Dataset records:
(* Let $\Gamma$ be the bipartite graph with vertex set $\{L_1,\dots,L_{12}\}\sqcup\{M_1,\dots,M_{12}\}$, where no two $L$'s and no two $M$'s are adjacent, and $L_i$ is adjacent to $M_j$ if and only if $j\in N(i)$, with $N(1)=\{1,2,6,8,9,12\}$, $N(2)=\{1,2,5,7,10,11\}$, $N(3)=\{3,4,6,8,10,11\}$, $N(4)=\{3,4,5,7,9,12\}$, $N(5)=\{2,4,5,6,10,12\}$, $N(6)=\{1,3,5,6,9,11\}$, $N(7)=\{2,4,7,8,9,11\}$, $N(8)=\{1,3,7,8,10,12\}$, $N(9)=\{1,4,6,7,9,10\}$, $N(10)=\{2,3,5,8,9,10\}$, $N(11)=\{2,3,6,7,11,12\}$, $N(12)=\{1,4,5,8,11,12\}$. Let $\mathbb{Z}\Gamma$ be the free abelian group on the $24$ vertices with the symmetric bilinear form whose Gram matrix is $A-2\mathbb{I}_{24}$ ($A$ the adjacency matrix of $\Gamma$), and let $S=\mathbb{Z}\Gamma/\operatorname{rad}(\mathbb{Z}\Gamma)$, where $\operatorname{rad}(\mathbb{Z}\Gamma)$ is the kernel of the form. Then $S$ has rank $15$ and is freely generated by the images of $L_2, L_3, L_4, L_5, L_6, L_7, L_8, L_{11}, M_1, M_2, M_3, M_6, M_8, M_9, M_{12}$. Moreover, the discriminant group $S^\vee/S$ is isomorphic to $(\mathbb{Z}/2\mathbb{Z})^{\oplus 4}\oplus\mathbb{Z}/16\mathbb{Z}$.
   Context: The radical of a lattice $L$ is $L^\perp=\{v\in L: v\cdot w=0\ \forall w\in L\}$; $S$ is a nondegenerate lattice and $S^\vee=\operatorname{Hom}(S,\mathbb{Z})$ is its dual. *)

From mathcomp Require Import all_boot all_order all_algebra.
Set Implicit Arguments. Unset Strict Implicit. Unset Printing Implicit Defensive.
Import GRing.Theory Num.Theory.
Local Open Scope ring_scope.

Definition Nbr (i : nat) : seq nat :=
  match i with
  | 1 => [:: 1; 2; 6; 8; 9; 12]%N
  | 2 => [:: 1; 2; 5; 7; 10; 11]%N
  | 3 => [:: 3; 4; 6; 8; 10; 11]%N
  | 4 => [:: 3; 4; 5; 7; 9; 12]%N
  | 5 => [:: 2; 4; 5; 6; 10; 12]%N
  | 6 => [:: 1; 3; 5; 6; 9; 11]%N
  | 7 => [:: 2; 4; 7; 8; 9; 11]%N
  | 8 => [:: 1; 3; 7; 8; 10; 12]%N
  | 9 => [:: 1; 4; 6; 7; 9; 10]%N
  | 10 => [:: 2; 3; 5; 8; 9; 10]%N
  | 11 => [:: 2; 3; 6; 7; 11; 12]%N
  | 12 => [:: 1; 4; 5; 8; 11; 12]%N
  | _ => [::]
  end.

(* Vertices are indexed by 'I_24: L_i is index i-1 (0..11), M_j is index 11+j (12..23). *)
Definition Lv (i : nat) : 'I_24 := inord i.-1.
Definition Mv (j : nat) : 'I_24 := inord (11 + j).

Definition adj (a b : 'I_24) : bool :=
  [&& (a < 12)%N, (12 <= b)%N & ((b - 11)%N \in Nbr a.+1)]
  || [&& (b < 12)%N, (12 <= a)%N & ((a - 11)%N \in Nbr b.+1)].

--

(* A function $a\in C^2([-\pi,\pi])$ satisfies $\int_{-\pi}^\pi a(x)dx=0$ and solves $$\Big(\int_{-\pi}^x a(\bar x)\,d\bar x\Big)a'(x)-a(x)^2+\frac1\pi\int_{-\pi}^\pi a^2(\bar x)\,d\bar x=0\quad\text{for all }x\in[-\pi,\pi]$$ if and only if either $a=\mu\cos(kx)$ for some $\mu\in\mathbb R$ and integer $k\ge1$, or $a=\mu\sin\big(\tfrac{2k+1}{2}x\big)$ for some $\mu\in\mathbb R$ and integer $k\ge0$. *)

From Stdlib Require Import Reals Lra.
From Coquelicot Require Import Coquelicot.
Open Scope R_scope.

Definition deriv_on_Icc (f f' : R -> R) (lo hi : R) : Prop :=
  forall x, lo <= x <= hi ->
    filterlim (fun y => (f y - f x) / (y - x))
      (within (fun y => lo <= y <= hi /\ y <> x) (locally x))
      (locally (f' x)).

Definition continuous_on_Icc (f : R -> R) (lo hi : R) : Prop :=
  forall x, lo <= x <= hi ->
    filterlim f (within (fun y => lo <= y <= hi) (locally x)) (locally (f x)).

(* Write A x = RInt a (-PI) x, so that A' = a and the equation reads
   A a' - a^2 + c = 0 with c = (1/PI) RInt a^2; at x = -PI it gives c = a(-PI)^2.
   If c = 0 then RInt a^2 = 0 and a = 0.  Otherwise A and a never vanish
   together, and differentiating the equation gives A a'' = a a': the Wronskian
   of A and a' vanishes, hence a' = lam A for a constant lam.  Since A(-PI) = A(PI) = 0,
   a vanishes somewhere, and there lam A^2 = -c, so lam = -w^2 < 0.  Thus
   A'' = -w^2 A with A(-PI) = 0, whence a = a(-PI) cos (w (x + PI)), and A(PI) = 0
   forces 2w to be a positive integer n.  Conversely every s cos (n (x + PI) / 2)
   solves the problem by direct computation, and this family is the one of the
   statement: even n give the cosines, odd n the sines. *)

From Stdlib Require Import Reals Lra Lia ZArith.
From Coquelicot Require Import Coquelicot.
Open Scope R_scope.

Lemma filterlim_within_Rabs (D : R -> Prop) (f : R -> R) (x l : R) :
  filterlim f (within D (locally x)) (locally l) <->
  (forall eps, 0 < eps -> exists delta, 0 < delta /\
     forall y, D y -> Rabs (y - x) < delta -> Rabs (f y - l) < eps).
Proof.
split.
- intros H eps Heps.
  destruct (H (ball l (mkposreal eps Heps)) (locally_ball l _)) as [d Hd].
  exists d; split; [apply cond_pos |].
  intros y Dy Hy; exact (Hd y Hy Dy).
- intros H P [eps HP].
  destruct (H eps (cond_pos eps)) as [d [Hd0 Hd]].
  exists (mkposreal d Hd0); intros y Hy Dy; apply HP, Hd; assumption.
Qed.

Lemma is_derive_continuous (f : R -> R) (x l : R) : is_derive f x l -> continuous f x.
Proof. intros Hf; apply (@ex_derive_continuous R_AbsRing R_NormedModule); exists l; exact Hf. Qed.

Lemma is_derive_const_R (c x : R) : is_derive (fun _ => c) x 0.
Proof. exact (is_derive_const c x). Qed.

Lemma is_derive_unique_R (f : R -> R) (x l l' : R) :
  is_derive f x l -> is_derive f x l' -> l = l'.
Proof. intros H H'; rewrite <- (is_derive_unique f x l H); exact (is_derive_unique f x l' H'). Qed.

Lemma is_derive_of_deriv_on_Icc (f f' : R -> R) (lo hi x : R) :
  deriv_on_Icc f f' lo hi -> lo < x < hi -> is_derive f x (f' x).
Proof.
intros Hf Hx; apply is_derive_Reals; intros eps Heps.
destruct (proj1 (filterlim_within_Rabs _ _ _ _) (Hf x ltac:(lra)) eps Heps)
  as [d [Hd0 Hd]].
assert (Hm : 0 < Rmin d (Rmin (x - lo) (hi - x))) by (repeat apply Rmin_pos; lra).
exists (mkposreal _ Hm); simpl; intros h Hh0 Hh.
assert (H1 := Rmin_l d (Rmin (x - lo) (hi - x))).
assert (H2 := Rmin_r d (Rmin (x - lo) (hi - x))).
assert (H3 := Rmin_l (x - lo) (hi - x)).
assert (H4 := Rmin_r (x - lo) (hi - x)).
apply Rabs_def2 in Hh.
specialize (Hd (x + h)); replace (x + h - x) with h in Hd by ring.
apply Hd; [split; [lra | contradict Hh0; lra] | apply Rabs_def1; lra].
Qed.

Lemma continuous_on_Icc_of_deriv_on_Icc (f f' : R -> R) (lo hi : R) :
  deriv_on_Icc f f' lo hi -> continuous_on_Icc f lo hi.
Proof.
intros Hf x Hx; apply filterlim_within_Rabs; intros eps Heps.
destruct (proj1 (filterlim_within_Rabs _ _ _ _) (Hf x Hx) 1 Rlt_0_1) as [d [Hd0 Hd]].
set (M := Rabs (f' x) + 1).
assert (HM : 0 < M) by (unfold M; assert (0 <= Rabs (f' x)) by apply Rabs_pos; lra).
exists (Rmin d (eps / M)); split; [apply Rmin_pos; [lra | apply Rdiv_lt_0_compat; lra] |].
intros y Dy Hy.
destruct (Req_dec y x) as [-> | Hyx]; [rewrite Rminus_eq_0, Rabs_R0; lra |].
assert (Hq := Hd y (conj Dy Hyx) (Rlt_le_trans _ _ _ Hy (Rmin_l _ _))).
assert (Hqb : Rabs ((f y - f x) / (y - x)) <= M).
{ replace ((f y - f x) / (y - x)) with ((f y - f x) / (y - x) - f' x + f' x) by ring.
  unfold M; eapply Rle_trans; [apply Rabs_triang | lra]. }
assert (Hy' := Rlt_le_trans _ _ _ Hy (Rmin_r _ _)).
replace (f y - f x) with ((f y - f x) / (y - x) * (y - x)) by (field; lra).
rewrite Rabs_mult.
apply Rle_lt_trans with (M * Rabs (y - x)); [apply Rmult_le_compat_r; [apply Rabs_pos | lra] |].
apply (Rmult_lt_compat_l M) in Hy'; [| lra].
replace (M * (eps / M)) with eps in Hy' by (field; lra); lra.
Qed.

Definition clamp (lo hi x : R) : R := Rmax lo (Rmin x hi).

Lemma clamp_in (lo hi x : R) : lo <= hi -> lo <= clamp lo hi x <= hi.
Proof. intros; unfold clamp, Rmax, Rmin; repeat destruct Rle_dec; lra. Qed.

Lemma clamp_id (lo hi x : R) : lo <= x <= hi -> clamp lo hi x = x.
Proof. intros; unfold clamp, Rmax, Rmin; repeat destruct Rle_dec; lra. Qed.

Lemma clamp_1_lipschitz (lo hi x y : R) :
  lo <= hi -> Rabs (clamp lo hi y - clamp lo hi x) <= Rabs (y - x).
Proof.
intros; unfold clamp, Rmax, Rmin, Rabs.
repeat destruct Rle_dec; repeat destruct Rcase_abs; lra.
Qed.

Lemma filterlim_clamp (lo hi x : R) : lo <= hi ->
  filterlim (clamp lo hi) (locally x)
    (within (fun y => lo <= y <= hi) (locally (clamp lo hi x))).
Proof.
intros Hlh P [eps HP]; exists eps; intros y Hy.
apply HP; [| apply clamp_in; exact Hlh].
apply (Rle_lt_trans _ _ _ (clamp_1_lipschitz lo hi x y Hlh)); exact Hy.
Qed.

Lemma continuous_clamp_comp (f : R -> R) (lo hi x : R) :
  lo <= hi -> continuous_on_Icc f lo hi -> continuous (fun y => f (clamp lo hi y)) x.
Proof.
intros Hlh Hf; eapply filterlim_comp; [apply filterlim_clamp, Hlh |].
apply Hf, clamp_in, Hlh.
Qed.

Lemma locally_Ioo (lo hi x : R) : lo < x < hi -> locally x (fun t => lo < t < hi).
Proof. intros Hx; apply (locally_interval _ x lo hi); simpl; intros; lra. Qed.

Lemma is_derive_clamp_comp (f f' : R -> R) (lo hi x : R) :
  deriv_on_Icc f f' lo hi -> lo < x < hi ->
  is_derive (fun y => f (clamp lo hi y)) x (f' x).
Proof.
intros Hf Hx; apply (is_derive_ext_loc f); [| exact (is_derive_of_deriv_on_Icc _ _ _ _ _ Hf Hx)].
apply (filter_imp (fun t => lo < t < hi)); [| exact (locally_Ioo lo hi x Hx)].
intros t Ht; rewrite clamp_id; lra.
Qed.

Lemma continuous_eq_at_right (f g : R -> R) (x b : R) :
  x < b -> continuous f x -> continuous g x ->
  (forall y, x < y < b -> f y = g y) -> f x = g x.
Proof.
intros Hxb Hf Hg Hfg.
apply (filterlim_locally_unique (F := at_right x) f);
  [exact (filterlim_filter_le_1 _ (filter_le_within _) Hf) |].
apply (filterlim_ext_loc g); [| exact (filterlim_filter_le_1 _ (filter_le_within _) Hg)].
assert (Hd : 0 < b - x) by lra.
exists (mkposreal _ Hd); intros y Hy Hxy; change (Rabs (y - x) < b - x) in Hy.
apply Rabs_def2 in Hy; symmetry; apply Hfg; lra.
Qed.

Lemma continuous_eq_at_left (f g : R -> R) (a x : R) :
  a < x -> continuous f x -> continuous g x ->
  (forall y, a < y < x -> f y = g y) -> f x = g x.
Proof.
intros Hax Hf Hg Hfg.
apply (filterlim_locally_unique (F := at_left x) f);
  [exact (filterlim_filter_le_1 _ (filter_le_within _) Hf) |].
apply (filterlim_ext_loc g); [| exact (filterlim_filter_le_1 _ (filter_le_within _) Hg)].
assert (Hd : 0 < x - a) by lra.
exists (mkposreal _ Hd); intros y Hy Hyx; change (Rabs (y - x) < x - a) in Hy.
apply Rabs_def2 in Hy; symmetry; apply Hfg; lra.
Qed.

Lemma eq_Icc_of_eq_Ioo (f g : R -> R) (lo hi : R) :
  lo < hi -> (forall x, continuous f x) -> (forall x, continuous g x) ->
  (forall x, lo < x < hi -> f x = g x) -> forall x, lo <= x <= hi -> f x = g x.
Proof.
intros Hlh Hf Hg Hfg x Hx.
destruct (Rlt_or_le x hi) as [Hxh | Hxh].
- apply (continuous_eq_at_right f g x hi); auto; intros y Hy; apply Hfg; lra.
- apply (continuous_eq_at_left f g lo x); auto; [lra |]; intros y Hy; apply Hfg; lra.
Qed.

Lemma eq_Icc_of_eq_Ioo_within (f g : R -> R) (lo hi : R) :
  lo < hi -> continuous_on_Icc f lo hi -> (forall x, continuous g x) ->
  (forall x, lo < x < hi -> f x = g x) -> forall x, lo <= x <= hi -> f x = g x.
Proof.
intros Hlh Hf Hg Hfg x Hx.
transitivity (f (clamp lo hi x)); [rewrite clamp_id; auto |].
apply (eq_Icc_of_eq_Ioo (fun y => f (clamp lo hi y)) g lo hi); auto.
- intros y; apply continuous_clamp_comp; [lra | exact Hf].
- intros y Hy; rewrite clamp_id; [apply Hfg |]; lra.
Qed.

* * *

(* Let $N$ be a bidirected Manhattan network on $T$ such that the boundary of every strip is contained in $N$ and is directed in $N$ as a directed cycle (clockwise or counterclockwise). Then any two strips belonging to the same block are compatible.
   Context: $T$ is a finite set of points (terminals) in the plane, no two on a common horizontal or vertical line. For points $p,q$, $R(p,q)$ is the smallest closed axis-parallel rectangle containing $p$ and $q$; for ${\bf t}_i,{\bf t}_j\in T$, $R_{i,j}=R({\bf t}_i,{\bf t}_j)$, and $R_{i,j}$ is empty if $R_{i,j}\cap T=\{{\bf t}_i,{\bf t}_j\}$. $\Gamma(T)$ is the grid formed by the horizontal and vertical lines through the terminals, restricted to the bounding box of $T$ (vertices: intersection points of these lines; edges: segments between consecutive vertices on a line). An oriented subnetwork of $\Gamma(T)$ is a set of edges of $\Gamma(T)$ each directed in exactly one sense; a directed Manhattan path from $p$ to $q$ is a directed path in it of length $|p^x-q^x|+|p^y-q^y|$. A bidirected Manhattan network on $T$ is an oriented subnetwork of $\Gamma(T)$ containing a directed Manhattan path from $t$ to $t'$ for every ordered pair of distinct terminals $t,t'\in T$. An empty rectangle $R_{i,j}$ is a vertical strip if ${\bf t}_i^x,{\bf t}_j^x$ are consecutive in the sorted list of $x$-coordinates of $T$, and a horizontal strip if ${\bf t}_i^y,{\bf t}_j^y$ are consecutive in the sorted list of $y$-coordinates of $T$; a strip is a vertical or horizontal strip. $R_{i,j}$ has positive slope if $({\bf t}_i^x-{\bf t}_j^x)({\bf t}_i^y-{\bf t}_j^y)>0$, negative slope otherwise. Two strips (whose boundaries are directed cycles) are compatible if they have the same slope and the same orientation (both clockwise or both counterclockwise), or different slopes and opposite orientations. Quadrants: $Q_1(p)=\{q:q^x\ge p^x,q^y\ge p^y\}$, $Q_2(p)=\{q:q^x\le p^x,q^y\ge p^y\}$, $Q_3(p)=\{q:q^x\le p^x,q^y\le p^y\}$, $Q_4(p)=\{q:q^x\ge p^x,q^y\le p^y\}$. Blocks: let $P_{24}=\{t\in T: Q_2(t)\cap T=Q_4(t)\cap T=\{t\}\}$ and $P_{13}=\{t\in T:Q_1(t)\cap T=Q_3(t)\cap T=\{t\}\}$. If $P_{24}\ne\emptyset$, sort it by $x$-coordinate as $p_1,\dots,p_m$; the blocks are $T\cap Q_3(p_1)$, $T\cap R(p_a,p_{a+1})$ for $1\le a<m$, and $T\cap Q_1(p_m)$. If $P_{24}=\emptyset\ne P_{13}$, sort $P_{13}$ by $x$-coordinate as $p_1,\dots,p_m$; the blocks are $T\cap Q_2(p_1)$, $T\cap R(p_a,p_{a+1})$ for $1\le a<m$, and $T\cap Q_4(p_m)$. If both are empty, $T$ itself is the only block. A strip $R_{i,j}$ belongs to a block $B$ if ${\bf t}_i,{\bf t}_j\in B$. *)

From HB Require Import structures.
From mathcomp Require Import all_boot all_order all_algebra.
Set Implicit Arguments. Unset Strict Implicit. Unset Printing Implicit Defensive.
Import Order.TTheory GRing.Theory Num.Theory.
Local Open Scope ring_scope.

● **Instructions to follow**
Go through the entries and return each line where the word "field" occurs.

● **Result for this exercise**
replace (f y - f x) with ((f y - f x) / (y - x) * (y - x)) by (field; lra).
replace (M * (eps / M)) with eps in Hy' by (field; lra); lra.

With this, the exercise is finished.